TASK PROMPT – In the entries below, find the line with "Local Notation W" and print exactly every line from there up to and including the line with "Lemma norm1_restr_le (S", with no other lines.

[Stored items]
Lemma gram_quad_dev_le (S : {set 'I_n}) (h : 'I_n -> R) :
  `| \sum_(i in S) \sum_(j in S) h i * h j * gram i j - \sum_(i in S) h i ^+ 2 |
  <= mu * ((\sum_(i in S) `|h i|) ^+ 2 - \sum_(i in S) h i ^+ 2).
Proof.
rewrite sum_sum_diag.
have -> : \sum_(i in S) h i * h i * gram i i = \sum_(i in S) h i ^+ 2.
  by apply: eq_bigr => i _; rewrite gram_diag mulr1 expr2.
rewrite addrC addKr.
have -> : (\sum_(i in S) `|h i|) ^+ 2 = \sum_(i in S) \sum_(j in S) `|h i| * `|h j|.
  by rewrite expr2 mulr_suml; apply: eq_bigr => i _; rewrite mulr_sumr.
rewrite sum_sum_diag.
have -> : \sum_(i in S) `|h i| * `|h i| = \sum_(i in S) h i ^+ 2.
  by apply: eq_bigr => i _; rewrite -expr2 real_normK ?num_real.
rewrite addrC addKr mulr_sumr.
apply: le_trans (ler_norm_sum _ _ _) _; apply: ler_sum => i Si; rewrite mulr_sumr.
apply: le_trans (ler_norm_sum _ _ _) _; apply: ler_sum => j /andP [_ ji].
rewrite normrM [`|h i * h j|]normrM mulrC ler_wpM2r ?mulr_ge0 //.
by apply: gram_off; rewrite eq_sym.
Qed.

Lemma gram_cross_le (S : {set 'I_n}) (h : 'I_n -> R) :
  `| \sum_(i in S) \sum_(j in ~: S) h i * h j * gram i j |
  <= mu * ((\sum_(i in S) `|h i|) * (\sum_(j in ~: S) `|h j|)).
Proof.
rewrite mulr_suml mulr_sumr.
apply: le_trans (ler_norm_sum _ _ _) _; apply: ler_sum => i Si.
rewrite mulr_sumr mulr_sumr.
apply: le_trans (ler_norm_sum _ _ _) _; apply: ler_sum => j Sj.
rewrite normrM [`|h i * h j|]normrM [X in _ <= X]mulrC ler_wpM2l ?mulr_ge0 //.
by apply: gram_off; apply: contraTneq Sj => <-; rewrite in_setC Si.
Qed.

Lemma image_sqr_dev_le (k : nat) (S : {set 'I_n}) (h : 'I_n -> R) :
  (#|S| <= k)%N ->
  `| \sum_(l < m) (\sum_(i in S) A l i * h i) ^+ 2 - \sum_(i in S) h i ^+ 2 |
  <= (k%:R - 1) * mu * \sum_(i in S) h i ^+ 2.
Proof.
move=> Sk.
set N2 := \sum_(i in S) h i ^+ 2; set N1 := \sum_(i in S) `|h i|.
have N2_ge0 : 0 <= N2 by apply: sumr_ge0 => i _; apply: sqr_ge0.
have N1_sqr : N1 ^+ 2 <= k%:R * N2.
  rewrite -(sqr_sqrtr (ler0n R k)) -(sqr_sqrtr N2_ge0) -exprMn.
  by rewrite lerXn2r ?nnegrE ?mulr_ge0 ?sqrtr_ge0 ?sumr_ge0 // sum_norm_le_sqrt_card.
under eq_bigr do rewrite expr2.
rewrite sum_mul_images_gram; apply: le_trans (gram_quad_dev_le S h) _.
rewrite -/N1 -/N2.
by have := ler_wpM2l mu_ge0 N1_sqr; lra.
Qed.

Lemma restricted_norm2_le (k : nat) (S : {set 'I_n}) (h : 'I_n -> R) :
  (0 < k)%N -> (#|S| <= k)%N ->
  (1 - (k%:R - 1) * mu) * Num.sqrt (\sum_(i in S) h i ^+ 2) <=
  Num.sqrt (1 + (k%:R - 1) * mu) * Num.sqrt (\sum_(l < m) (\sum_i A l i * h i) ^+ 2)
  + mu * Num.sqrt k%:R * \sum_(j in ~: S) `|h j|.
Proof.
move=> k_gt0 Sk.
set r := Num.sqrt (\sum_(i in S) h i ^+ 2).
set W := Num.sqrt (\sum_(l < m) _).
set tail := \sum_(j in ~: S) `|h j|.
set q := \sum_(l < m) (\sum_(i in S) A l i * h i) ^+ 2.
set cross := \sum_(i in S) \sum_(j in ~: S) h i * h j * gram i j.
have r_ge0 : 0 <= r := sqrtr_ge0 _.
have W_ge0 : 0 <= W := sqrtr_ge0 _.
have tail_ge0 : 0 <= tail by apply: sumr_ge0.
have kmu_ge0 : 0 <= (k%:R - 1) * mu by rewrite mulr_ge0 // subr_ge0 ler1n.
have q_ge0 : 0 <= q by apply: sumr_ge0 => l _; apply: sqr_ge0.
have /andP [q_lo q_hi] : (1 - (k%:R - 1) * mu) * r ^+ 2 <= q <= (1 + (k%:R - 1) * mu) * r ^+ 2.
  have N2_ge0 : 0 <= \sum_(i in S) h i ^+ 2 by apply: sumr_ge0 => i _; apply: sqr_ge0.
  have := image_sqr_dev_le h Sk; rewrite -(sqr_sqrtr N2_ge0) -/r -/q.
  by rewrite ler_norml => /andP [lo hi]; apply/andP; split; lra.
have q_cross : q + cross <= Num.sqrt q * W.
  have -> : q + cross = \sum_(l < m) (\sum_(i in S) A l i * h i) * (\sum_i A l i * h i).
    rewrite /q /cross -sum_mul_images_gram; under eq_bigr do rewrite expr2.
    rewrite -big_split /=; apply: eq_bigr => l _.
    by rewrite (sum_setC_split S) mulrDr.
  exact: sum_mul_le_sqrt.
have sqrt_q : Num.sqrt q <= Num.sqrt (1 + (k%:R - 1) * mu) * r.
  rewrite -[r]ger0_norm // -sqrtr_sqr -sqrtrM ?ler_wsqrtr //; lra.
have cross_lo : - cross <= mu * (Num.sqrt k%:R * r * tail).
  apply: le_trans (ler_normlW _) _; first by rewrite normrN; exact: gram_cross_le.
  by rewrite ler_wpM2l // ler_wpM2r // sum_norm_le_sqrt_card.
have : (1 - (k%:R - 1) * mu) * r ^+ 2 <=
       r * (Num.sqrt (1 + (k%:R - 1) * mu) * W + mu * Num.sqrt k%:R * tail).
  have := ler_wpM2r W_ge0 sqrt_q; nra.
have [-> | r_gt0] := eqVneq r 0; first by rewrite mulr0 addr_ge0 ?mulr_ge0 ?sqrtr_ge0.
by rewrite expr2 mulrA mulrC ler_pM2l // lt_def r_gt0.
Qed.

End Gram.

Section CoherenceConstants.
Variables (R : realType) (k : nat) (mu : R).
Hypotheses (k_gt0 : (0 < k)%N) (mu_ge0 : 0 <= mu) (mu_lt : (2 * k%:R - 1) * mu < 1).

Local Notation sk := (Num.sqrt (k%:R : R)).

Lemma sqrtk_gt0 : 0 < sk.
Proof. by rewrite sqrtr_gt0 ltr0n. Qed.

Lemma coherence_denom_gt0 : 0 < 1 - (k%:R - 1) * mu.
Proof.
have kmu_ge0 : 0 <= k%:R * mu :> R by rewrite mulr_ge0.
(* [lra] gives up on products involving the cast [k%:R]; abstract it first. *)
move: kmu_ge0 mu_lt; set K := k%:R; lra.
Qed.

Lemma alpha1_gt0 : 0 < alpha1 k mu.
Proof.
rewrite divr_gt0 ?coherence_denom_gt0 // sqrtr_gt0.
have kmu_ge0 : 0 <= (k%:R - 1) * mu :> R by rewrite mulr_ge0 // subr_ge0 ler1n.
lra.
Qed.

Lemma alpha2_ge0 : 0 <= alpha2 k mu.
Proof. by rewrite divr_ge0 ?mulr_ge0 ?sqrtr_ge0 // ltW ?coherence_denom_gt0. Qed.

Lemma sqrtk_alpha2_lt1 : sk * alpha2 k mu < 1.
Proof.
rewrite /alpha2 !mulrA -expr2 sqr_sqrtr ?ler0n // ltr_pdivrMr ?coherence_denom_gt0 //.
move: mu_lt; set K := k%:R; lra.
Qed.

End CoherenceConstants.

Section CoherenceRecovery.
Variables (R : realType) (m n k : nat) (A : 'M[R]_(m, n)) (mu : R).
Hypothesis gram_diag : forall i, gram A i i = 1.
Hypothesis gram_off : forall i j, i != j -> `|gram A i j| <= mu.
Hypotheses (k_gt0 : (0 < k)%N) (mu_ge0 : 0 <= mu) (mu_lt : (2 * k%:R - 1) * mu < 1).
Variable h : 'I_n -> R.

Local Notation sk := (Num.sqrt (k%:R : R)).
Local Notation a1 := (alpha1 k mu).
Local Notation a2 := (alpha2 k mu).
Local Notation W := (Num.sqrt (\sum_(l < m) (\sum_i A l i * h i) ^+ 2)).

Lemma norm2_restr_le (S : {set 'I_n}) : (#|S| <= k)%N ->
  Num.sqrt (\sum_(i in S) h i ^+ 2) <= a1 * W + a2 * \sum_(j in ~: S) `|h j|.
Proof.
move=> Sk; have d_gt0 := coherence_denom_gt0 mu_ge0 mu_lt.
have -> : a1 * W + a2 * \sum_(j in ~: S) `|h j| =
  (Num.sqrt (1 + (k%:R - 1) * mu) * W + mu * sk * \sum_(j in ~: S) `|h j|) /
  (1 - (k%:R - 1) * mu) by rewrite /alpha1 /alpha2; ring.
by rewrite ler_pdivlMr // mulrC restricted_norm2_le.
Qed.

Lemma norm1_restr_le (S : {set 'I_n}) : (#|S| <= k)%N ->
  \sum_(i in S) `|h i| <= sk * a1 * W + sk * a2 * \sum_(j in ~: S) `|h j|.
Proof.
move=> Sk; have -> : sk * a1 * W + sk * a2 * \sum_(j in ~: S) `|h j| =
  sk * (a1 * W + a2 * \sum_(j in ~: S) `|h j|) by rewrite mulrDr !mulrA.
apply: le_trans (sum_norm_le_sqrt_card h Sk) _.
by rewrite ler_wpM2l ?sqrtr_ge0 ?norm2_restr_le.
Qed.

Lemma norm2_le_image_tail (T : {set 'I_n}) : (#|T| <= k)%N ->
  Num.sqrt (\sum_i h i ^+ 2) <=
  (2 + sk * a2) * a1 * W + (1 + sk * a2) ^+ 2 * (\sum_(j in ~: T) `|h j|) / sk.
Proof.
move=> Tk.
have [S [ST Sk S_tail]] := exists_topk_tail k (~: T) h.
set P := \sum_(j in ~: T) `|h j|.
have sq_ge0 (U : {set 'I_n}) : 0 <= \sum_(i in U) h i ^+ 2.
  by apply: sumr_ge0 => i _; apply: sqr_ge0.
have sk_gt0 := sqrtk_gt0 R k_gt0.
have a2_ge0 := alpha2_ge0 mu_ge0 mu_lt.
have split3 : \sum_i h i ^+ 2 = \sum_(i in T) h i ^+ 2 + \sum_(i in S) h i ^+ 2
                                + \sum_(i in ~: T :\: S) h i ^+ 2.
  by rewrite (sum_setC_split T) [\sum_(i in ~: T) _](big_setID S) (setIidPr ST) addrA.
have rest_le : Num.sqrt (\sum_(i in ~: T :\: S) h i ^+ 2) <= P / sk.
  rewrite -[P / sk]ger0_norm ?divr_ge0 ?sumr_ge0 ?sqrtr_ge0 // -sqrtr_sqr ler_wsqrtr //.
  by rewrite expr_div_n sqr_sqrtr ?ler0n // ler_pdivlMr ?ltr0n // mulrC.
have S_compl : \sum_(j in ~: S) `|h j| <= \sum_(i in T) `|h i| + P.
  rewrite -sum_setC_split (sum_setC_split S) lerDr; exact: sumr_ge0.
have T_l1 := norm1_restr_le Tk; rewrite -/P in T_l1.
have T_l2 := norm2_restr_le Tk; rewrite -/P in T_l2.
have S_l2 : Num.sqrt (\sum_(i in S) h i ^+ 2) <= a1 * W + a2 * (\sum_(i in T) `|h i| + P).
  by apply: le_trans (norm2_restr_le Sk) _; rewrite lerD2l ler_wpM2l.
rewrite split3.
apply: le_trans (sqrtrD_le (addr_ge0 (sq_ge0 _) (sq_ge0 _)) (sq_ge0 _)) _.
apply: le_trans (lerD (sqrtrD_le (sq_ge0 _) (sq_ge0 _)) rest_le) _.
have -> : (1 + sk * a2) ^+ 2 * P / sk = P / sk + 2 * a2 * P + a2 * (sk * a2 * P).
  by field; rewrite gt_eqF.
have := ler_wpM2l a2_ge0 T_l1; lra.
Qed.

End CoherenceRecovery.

YOUR RESPONSE –
Local Notation W := (Num.sqrt (\sum_(l < m) (\sum_i A l i * h i) ^+ 2)).

Lemma norm2_restr_le (S : {set 'I_n}) : (#|S| <= k)%N ->
  Num.sqrt (\sum_(i in S) h i ^+ 2) <= a1 * W + a2 * \sum_(j in ~: S) `|h j|.
Proof.
move=> Sk; have d_gt0 := coherence_denom_gt0 mu_ge0 mu_lt.
have -> : a1 * W + a2 * \sum_(j in ~: S) `|h j| =
  (Num.sqrt (1 + (k%:R - 1) * mu) * W + mu * sk * \sum_(j in ~: S) `|h j|) /
  (1 - (k%:R - 1) * mu) by rewrite /alpha1 /alpha2; ring.
by rewrite ler_pdivlMr // mulrC restricted_norm2_le.
Qed.

Lemma norm1_restr_le (S : {set 'I_n}) : (#|S| <= k)%N ->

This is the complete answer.